In the five decades up to 1982, the newborn babies of young, single women were forcibly removed from them for adoption, a practice sometimes called 'baby farming'. Mothers were drugged, tethered to beds, not allowed to see their babies, told they were dead. [54] Many of these adoptions occurred after the mothers were sent away by their families due to the stigma associated with being pregnant and unmarried.
More than 250,000 white mothers lost their babies to forcible removal at birth by these past illegal adoption practices. Groups such as Adoption Loss Adult Support and Apology Alliance offer help and support.
Between 2010 and 2012 apologies were offered by Western Australia, South Australia, ACT, New South Wales, Victoria and Tasmania. Prime Minister Julia Gillard offered a national apology to those affected by forced adoptions in 2013.
Apologies, when I open the link it takes me to the top of the page on mobile which says “A guide to Australia's Stolen Generations
Read why Aboriginal children were stolen from their families, where they were taken and what happened to them.”
I don’t have a dog in this fight and know very little about this piece of history, so I am bowing out. I did think it was legitimately a typo
Many people in Australia know people that were affected by such policies .. but wait, there's even another third "stolen generation" in Australia aside from the Aboriginal kids (whom I know a number of) and the single mother kids (of whom I know a number of) .. the post WWII UK orphan kids sent to Australia for their health a better life.

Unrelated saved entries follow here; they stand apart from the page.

Lemma ln_binomial_add_defect_le :
  ln (Binomial.C (m - 1) (k - 1)) + D + INR k / 2 * ln (INR N) - 11/12 * INR k
  <= INR m * ln 2.
Proof.
  pose proof k_pos. pose proof k_le. pose proof N_pos. pose proof m_gt.
  pose proof defect_le. pose proof ln2_le.
  assert (INR k * ln 2 <= INR k * 0.6935) by (apply Rmult_le_compat_l; lra).
  destruct (le_lt_dec N 3) as [HN3|HN4].
  - pose proof (ln_binomial_C_pred_le_pow2 m k ltac:(lia) k_le_m).
    pose proof N_ge1. pose proof m_le.
    assert (N = 1 \/ N = 2 \/ N = 3)%nat as [E|[E|E]] by lia.
    + assert (HN : INR N = 1) by (rewrite E; reflexivity).
      assert (D = 0).
      { unfold D. rewrite HN in *. replace (INR m) with (INR k) by lra. field. lra. }
      rewrite HN, ln_1. lra.
    + assert (HN : INR N = 2) by (rewrite E; simpl; ring). rewrite HN in *.
      assert (INR k / 2 * ln 2 <= INR k / 2 * 0.6935) by (apply Rmult_le_compat_l; lra).
      lra.
    + assert (HN : INR N = 2 * (3/2)) by (rewrite E; simpl; field). rewrite HN in *.
      rewrite ln_mult by lra. pose proof ln_3_2_le.
      assert (INR k / 2 * (ln 2 + ln (3/2)) <= INR k / 2 * (0.6935 + 5/12))
        by (apply Rmult_le_compat_l; lra).
      lra.
  - apply (le_INR 4) in HN4. simpl INR in HN4.
    assert (D <= INR k / 4).
    { apply Rle_trans with (INR k / INR N); [apply defect_le|].
      unfold Rdiv. apply Rmult_le_compat_l; [lra|]. apply Rinv_le_contravar; lra. }
    pose proof (ln_binomial_C_pred_le_3_2_pow m k ltac:(lia) k_le_m).
    pose proof ln2_sub_ln_3_2_ge.
    assert (ln (INR N) <= 2 * ln 2 + INR N / 4 - 1).
    { pose proof (ln_le_sub1 (INR N / 4) ltac:(lra)) as L.
      rewrite ln_div in L by lra. replace 4 with (2 * 2) in L at 1 by ring.
      rewrite ln_mult in L by lra. lra. }
    assert (INR k / 2 * ln (INR N) <= INR k / 2 * (2 * ln 2 + INR N / 4 - 1))
      by (apply Rmult_le_compat_l; lra).
    assert (INR m * 0.287 <= INR m * (ln 2 - ln (3/2))) by (apply Rmult_le_compat_l; lra).
    nra.
Qed.

Lemma gamma_ratio_le_pow2 :
  gamma_ratio m k <= exp gamma_ratio_const * exp (INR m / 1000) * 2 ^ m.
Proof.
  destruct ln_gamma_ratio_le as [HY HlnY].
  pose proof k_le. pose proof k_pos.
  apply le_of_ln_le; [exact HY | repeat apply Rmult_lt_0_compat; try apply exp_pos; apply pow_lt; lra|].
  rewrite !ln_mult, !ln_exp, ln_pow_lt by (try apply Rmult_lt_0_compat; try apply exp_pos;
    try apply pow_lt; lra).
  pose proof ln_binomial_add_defect_le.
  pose proof (one_add_ln_le (INR m) ltac:(lra)).
  assert (ln 2000 <= gamma_ratio_const)
    by (unfold gamma_ratio_const; pose proof (exp_pos (3 + ln 1000)); lra).
  simpl INR. lra.
Qed.

End GammaRatio.

Lemma gamma_ratio_le (m k : nat) : (2 <= k)%nat -> (k <= m)%nat ->
  gamma_ratio m k <= exp gamma_ratio_const * exp (INR m / 1000) * Rmin (INR m ^ k) (2 ^ m).
Proof.
  intros Hk Hkm. apply Rmin_case.
  - exact (gamma_ratio_le_pow m k Hk Hkm).
  - exact (gamma_ratio_le_pow2 m k Hk Hkm).
Qed.

Lemma pow_le_pow_le_1 (q : R) (a b : nat) : 0 <= q <= 1 -> (a <= b)%nat -> q ^ b <= q ^ a.
Proof.
  intros Hq Hab. replace b with (a + (b - a))%nat by lia. rewrite pow_add.
  pose proof (pow_le q a ltac:(lra)). pose proof (pow_le_1 q (b - a) Hq). nra.
Qed.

That didn't turn out well thanks to kiddy fiddling "Christian Brothers" at multiple institutes across Australia who worked their way through literal boatloads of children.

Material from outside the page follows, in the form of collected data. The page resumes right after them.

(* Suppose f is a type morphism into a candidate universal space U from the
   following space.  Its points are copies [Copy u] of the points of U and, for
   u in U, P a set of points of U and L a nonempty list of points of U, points
   [Echo u L] and [Code P L].  Except for player i2, [Echo u L] looks exactly
   like u; at both [Echo u L] and [Code P L] player i2 spreads his belief
   uniformly over the [Echo x L], x in L.  At [Code P L] the other players are
   certain, through an ultrafilter on the lists with elements in P that contains,
   for each y in P, the lists through y, that i2 gives positive weight to a
   point looking like y exactly when y is in P; the state tells whether P is
   empty.  Hence, on sets that are closed under "looking alike", the belief of
   player i1 at f (Code P L) determines P, which is impossible by Cantor's
   diagonal argument. *)

From Stdlib Require Import Reals Lra List.
From Stdlib Require Import Classical ClassicalEpsilon FunctionalExtensionality PropExtensionality.
From mathcomp Require filter.

Set Bullet Behavior "Strict Subproofs".

Lemma pred_ext {X : Type} (A B : X -> Prop) : (forall x, A x <-> B x) -> A = B.
Proof.
  intros H. apply functional_extensionality. intros x.
  apply propositional_extensionality, H.
Qed.

Section InfFields.
Context {X : Type} {Sig : (X -> Prop) -> Prop}.

Lemma inf_field_ext {A B} : Sig A -> (forall x, A x <-> B x) -> Sig B.
Proof. intros HA E. rewrite <- (pred_ext A B E). exact HA. Qed.

Hypothesis HF : inf_field Sig.

Lemma inf_field_full : Sig (fun _ => True).
Proof. apply HF. Qed.

Lemma inf_field_compl {A} : Sig A -> Sig (fun x => ~ A x).
Proof. apply HF. Qed.

Lemma inf_field_union {A B} : Sig A -> Sig B -> Sig (fun x => A x \/ B x).
Proof. apply HF. Qed.

Lemma inf_field_bigcap (F : (X -> Prop) -> Prop) :
  (forall A, F A -> Sig A) -> Sig (fun x => forall A, F A -> A x).
Proof. apply HF. Qed.

Lemma inf_field_inter {A B} : Sig A -> Sig B -> Sig (fun x => A x /\ B x).
Proof.
  intros HA HB.
  apply (inf_field_ext (inf_field_compl (inf_field_union
    (inf_field_compl HA) (inf_field_compl HB)))).
  intros x. split; [intros H; split; apply NNPP; tauto | tauto].
Qed.

End InfFields.

Lemma inf_field_gen {X : Type} (G : (X -> Prop) -> Prop) : inf_field (gen_inf_field G).
Proof.
  split; [| split; [| split]].
  - intros Sig HS _. apply HS.
  - intros A HA Sig HS HG. apply HS, HA; auto.
  - intros A B HA HB Sig HS HG. apply HS; [apply HA | apply HB]; auto.
  - intros F HFam Sig HS HG. apply HS. intros A HA. apply HFam; auto.
Qed.

Lemma gen_inf_field_sub {X : Type} (G : (X -> Prop) -> Prop) B :
  G B -> gen_inf_field G B.
Proof. intros HB Sig _ HG. auto. Qed.

Lemma powset_inf_field (X : Type) : inf_field (@powset X).
Proof. repeat split. Qed.

Section Measures.
Context {X : Type} {Sig : (X -> Prop) -> Prop}.
Implicit Types (mu : Delta Sig) (A B E : X -> Prop).

Lemma meas_val_out mu A : ~ Sig A -> meas_val mu A = 0.
Proof. apply (proj2_sig mu). Qed.

Lemma meas_val_ge0 mu A : 0 <= meas_val mu A.
Proof.
  destruct (classic (Sig A)) as [HA | HA].
  - apply (proj2_sig mu), HA.
  - rewrite meas_val_out by exact HA. lra.
Qed.

Lemma meas_val_full mu : meas_val mu (fun _ => True) = 1.
Proof. apply (proj2_sig mu). Qed.

Lemma meas_val_union mu {A B} : Sig A -> Sig B -> (forall x, A x -> B x -> False) ->
  meas_val mu (fun x => A x \/ B x) = meas_val mu A + meas_val mu B.
Proof. apply (proj2_sig mu). Qed.

Hypothesis HF : inf_field Sig.

Lemma meas_val_compl mu {A} : Sig A -> meas_val mu A + meas_val mu (fun x => ~ A x) = 1.
Proof.
  intros HA. rewrite <- (meas_val_union mu HA (inf_field_compl HF HA)) by auto.
  rewrite <- (meas_val_full mu). f_equal. apply pred_ext. intros x.
  split; [auto | intros _; apply classic].
Qed.

Lemma meas_val_le1 mu A : meas_val mu A <= 1.
Proof.
  destruct (classic (Sig A)) as [HA | HA].
  - pose proof (meas_val_compl mu HA). pose proof (meas_val_ge0 mu (fun x => ~ A x)). lra.
  - rewrite meas_val_out by exact HA. lra.
Qed.

Lemma meas_val_mono mu {A B} : Sig A -> Sig B -> (forall x, A x -> B x) ->
  meas_val mu A <= meas_val mu B.
Proof.
  intros HA HB AB.
  replace B with (fun x => A x \/ (B x /\ ~ A x)).
  - rewrite meas_val_union; auto.
    + pose proof (meas_val_ge0 mu (fun x => B x /\ ~ A x)). lra.
    + apply (inf_field_inter HF HB (inf_field_compl HF HA)).
    + intros x Ax [_ nAx]. auto.
  - apply pred_ext. intros x. split; [intros [H | [H _]]; auto |].
    intros Bx. destruct (classic (A x)); auto.
Qed.

Lemma Delta_field_level {E} c : Sig E -> 0 <= c <= 1 ->
  Delta_field (fun nu : Delta Sig => meas_val nu E = c).
Proof.
  intros HE Hc.
  assert (Hge : Delta_field (fun nu : Delta Sig => meas_val nu E >= c)).
  { apply gen_inf_field_sub. exists E, c. repeat split; auto; tauto. }
  assert (Hle : Delta_field (fun nu : Delta Sig => meas_val nu (fun x => ~ E x) >= 1 - c)).
  { apply gen_inf_field_sub. exists (fun x => ~ E x), (1 - c).
    repeat split; try lra; try tauto. apply (inf_field_compl HF HE). }
  apply (inf_field_ext (inf_field_inter (inf_field_gen _) Hge Hle)).
  intros nu. pose proof (meas_val_compl nu HE).
  split; [intros [? ?] | intros ?; split]; lra.
Qed.

Lemma Delta_field_agree_on (F : (X -> Prop) -> Prop) (nu0 : Delta Sig) :
  Delta_field (fun nu : Delta Sig => forall E, F E -> meas_val nu E = meas_val nu0 E).
Proof.
  refine (inf_field_ext (inf_field_bigcap (inf_field_gen _)
    (fun Q => exists E, F E /\ Q = fun nu : Delta Sig => meas_val nu E = meas_val nu0 E) _)
    _).
  - intros Q [E [_ ->]]. destruct (classic (Sig E)) as [HE | HE].
    + apply Delta_field_level; auto. split; [apply meas_val_ge0 | apply meas_val_le1].
    + apply (inf_field_ext (inf_field_full (inf_field_gen _))).
      intros nu. rewrite !meas_val_out by exact HE. tauto.
  - intros nu. split.
    + intros H E HE. apply (H (fun nu => meas_val nu E = meas_val nu0 E)). eauto.
    + intros H Q [E [HE ->]]. auto.
Qed.

Lemma Delta_field_pos {E} : Sig E -> Delta_field (fun nu : Delta Sig => meas_val nu E > 0).
Proof.
  intros HE.
  apply (inf_field_ext (inf_field_compl (inf_field_gen _)
    (Delta_field_level 0 HE (conj (Rle_refl 0) Rle_0_1)))).
  intros nu. destruct (Rle_lt_or_eq_dec _ _ (meas_val_ge0 nu E)); split; intros H; lra.
Qed.

End Measures.

Definition restrict {X : Type} (Sig : (X -> Prop) -> Prop) (m : (X -> Prop) -> R)
  (A : X -> Prop) : R :=
  if excluded_middle_informative (Sig A) then m A else 0.

Lemma restrict_in {X : Type} (Sig : (X -> Prop) -> Prop) m A :
  Sig A -> @restrict X Sig m A = m A.
Proof. unfold restrict. destruct (excluded_middle_informative (Sig A)); tauto. Qed.

Lemma fapm_restrict {X : Type} {Sig : (X -> Prop) -> Prop} {m} :
  inf_field Sig -> fapm (@powset X) m -> fapm Sig (restrict Sig m).
Proof.
  intros HF [Hpos [Hfull [Hadd _]]]. split; [| split; [| split]].
  - intros A HA. rewrite restrict_in by exact HA. apply Hpos, I.
  - rewrite restrict_in by apply (inf_field_full HF). exact Hfull.
  - intros A B HA HB D.
    rewrite !restrict_in by (try apply (inf_field_union HF); auto).
    apply Hadd; [exact I | exact I | exact D].
  - intros A HA. unfold restrict.
    destruct (excluded_middle_informative (Sig A)); tauto.
Qed.

Definition comap {X Y : Type} (c : X -> Y) (Sig : (X -> Prop) -> Prop) :
  (Y -> Prop) -> Prop :=
  fun A => Sig (fun x => A (c x)).

Lemma inf_field_comap {X Y : Type} (c : X -> Y) Sig :
  inf_field Sig -> inf_field (comap c Sig).
Proof.
  intros HF. split; [| split; [| split]]; unfold comap.
  - apply (inf_field_full HF).
  - intros A. apply (inf_field_compl HF).
  - intros A B. apply (inf_field_union HF).
  - intros F HFam.
    refine (inf_field_ext (inf_field_bigcap HF
      (fun B => exists A, F A /\ B = fun x => A (c x)) _) _).
    + intros B [A [HA ->]]. auto.
    + intros x. split.
      * intros H A HA. apply (H (fun x => A (c x))). eauto.
      * intros H B [A [HA ->]]. apply H, HA.
Qed.

Definition push {X Y : Type} (c : X -> Y) (m : (X -> Prop) -> R) : (Y -> Prop) -> R :=
  fun A => m (fun x => A (c x)).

Clontarf Boys Town, Castledare, Bindoon, and several other sites in this state alone were the subject of a massive nation wide Royal Commission into child abuse.
I cut my teeth on a MIPS Magnum pizzabox (kind of like an SGI Indy without the cool bits) in the 80's, 'upgraded' to an Indy as soon as I could, and would've killed for an SGI laptop. So sad they didn't make one.
If only there were a universally recognized icon that represented the Universal Declaration of Human Rights... seems to me, that would be a good logo to use for an operating system dedicated to freedom and collective competence.
If only the UDHR was universally 'accepted'. Since it contains a 'right to change religion' clause, some religions are, surprise surprise, not particularly keen on it.
I think if we're going for something as 'neutral' as possible, I'd pick something like a logo of planet earth. But then you'd have the flat-earthers up in arms...
humpedback whale defending other species could be an example of this
or ants could represent impressive engineering and ability to symbiotically exist with other creatures like aphids, caterpillars, and even a tree in the rain forest that gives them sap and they defend it. maybe a specific kind of ant could be iconic
>2. homebrew often wants to install things I already have, like python.
I think its important to understand why this is the case. The python you think you have already, out of the box in MacOS, is the system python. Its not the python you should be using - its the one that python-based tools that your system depends on, is using.
Brew installs other versions of python - and gives you access to tools that allow you to maintain completely independent, different versions of python - for a very good reason.
You simply should not be using the system python for tools that are outside the purview of the system tools - doing so can lead to broken essential system tools.
So, don't be so quick to resist this aspect of package management. Its also true of Linux, by the way - developers should be using their own python installations, and not just glomming libraries into the system-provided python tree .. to do so, is to live very dangerously as a systems operator and as well as a developer.